Machine Produced Radiation

This category includes x-ray machines, x-ray fluorescence equipment, x-ray diffraction equipment, particle accelerators, and any
other electronic equipment which may produce ionizing radiation.
Except where activation of components is possible, the radiation
exists only while the machine is operating. Emergencies associated
with radiation-producing equipment usually involve a limited number of individuals.

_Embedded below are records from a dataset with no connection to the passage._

Lemma notin_side F u v :
  acyclic F -> [set u; v] \in F -> u != v -> v \notin side F [set u; v] u.
Proof.
move=> Facyc uvF uv; rewrite inE; apply/connectP => -[p pu vlast].
move: vlast; case: (shortenP pu) => -[|y [|z q]] pu' upu _ qlast.
- by move: uv; rewrite qlast /= eqxx.
- by move: pu'; rewrite qlast /= /adj andbT !inE eqxx.
have := Facyc [:: u, y, z & q] upu isT; apply/negP.
rewrite /path.cycle rcons_path (sub_path _ pu') => [|a b]; last first.
  by rewrite /adj inE => /andP [].
by rewrite negbK -qlast /adj setUC.
Qed.

Lemma crossing_side F u v : (forall e, e \in F -> is_pair e) -> acyclic F ->
  [set u; v] \in F -> u != v ->
  [set e in F | #|e :&: side F [set u; v] u| == 1] = [set [set u; v]].
Proof.
move=> Fpair Facyc uvF uv; apply/setP => e; rewrite !inE.
case: (eqVneq e [set u; v]) => [->|ne]; rewrite ?uvF.
  by rewrite card_set2I // inE connect0 (negbTE (notin_side Facyc uvF uv)).
case eF: (e \in F) => //=.
have /cards2P [a [b [ab eab]]] := Fpair e eF; rewrite eab in eF ne.
have ba_F : [set b; a] \in F by rewrite setUC.
have ba_ne : [set b; a] != [set u; v] by rewrite setUC.
have side_ab : (a \in side F [set u; v] u) = (b \in side F [set u; v] u).
  by apply/idP/idP => /side_closed; apply.
by rewrite eab card_set2I // side_ab; case: (b \in _).
Qed.

Lemma on_path_cut T F U f u a b :
  F \subset T -> connected_on U F -> a \in U -> b \in U ->
  a \in side F f u -> b \notin side F f u -> on_path T a b f.
Proof.
move=> FT Fconn aU bU a_side b_side.
have [p [pa blast _]] := Fconn a b aU bU.
move: blast; case: (shortenP pa) => {pa}p pa ua _ blast.
have last_side : last a p \notin side F f u by rewrite blast.
have [xy xy_p /and3P [xyF x_side y_side]] :=
  path_crossing (A := fun x => x \in side F f u) pa a_side last_side.
have xy_f : [set xy.1; xy.2] == f.
  by apply: contraNT y_side => /(side_closed x_side xyF).
have size_p : size p < #|V| by have := max_card (mem (a :: p)); rewrite (card_uniqP ua).
apply/existsP; exists (Ordinal size_p); apply/existsP; exists (in_tuple p).
apply/and4P; split=> //=; last by apply/hasP; exists xy.
- by apply: sub_path pa => x y /(subsetP FT).
- by rewrite blast.
Qed.
Definition alpha (A : 'M[int]_n) (j : 'I_n) : {mpoly R[n]} :=
  \sum_(i < n | (i < j)%N) (A i j)%:~R *: 'X_i.

Definition bott_rel (A : 'M[int]_n) (j : 'I_n) : {mpoly R[n]} :=
  'X_j ^+ 2 - alpha A j * 'X_j.

Definition in_bott_ideal (A : 'M[int]_n) (p : {mpoly R[n]}) : Prop :=
  exists c : 'I_n -> {mpoly R[n]}, p = \sum_(j < n) c j * bott_rel A j.

Definition bott_ideal (A : 'M[int]_n) : pred {mpoly R[n]} :=
  fun p => if excluded_middle_informative (in_bott_ideal A p) then true else false.

Lemma bott_idealP A p : reflect (in_bott_ideal A p) (bott_ideal A p).
Proof.
rewrite /bott_ideal; case: excluded_middle_informative => h.
  by apply: ReflectT.
by apply: ReflectF.
Qed.

Lemma bott_ideal_closed A : idealr_closed (bott_ideal A).
Proof.
split.
- apply/bott_idealP; exists (fun _ => 0).
  by rewrite big1 // => j _; rewrite mul0r.
- apply/negP => /bott_idealP [c hc].
  have := congr1 (meval (fun _ : 'I_n => (0 : R))) hc.
  rewrite meval1 (big_morph _ (mevalD _) (meval0 _)) big1.
    by move/eqP; rewrite oner_eq0.
  move=> j _; rewrite mevalM /bott_rel mevalB expr2 !mevalM mevalXU.
  by rewrite !mulr0 subrr mulr0.
- move=> a u v /bott_idealP [cu hu] /bott_idealP [cv hv].
  apply/bott_idealP; exists (fun j => a * cu j + cv j).
  rewrite hu hv mulr_sumr -big_split /=; apply: eq_bigr => j _.
  by rewrite mulrDl mulrA.
Qed.

HB.instance Definition _ (A : 'M[int]_n) :=
  isIdealr.Build {mpoly R[n]} (bott_ideal A) (bott_ideal_closed A).

(* H^*(M(A); R) = R[x_1..x_n] / (x_j^2 - alpha_j x_j) *)
Definition Hcoh (A : 'M[int]_n) := {ideal_quot (bott_ideal A : {pred {mpoly R[n]}})}.

Definition cls (A : 'M[int]_n) (p : {mpoly R[n]}) : Hcoh A :=
  \pi_(Hcoh A) p.

(* h lies in H^{2k}: it has a representative homogeneous of degree k
   (the generators x_j have cohomological degree 2, odd cohomology is 0) *)
Definition in_Hdeg (A : 'M[int]_n) (k : nat) (h : Hcoh A) : Prop :=
  exists p : {mpoly R[n]}, p \is k.-homog /\ cls A p = h.

End Bott.

Arguments cls {R n} A p.
Arguments alpha {R n} A j.

Definition graded_ring_iso (R : comNzRingType) (n : nat) (A B : 'M[int]_n)
    (psi : {rmorphism Hcoh R A -> Hcoh R B}) : Prop :=
  bijective psi /\
  forall (k : nat) (h : Hcoh R A), in_Hdeg k h -> in_Hdeg k (psi h).

Definition rationalize (n : nat) (A : 'M[int]_n) (h : Hcoh int A) : Hcoh rat A :=
  cls A (map_mpoly (fun z : int => z%:~R : rat) (repr h)).

Definition ypoly (n : nat) (A : 'M[int]_n) (j : 'I_n) : {mpoly rat[n]} :=
  'X_j - (2%:R)^-1 *: alpha A j.

Definition alpha_even (n : nat) (A : 'M[int]_n) (j : 'I_n) : Prop :=
  forall i : 'I_n, (i < j)%N -> (2 %| A i j)%Z.

Definition pontrjagin (n : nat) (A : 'M[int]_n) : Hcoh int A :=
  cls A (\prod_(j < n) (1 + alpha A j ^+ 2)).

(* In degree two everything happens over the integers.  The class [2 y_j = 2 x_j - alpha_j]
   is integral, and its coordinate on [x_j] is 2, so its content (the gcd of its coordinates)
   is 2 when [alpha_j] is even and 1 otherwise.  A graded ring isomorphism restricts to a
   Z-linear isomorphism of H^2, so it preserves contents; as it maps [2 y^A_j] to
   [q_j * 2 y^B_(sigma j)], |q_j| is the ratio of the two contents, which settles (1), (2) and
   the list of possible values.  Finally [p = prod_j (1 + alpha_j^2)] and [alpha_j^2 = (2 y_j)^2]
   in cohomology, so when every [q_j = +-1] each factor is mapped to the corresponding one. *)

From HB Require Import structures.
From mathcomp Require Import all_boot all_order all_algebra.
From mathcomp Require Import perm mpoly ring_quotient.
From mathcomp Require Import ring zify.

4.2 Emergencies for Which a Plan May Be Necessary

Radiation emergencies are unplanned events which reduce the
level of radiation safety for individuals working in the facility or for

the general public. Unexpected events which have the potential for
release of radioactive material beyond the bounds of a facility or
have the potential for exposure or involvement of the general public
should be considered in constructing an emergency plan. All potential emergencies require a plan of action.
There is a large variety of potential emergencies which may occur.
In planning for these, it is important that plans not go beyond a
credible worst case situation to ensure an appropriate level of
response. This section provides information which the emergency
planner can consider in constructing an emergency plan. A number
of emergency situations are discussed in Section 4.5. These are presented as typical and are not intended to include all possible emergencies.